[Stored data entries]
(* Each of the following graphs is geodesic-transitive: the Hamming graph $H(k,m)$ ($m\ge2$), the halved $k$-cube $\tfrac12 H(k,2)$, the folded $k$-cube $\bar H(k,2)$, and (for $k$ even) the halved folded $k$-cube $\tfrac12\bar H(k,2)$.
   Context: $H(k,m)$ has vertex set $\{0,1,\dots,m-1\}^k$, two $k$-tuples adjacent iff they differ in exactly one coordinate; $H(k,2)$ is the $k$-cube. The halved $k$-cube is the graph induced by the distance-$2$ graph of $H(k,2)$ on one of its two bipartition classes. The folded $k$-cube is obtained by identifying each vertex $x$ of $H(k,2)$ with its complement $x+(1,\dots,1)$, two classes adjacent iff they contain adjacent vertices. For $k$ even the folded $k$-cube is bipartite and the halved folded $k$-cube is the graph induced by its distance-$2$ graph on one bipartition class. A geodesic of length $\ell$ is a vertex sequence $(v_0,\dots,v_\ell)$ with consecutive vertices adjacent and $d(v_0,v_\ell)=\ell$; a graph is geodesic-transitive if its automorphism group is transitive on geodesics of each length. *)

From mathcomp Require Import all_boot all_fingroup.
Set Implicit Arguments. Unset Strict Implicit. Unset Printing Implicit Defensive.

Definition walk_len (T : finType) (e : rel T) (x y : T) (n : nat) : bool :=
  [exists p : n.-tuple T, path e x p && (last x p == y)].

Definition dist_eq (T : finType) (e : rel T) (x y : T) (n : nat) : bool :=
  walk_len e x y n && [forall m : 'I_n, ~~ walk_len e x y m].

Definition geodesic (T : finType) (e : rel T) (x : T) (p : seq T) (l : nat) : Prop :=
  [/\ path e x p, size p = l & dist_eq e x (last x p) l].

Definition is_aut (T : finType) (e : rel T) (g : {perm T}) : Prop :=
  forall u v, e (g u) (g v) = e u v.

(ASSIGNMENT)
Within the data above, find the lines that contain the word "path" and copy each of them.

(SOLUTION TO THIS PROBLEM)
  [exists p : n.-tuple T, path e x p && (last x p == y)].
  [/\ path e x p, size p = l & dist_eq e x (last x p) l].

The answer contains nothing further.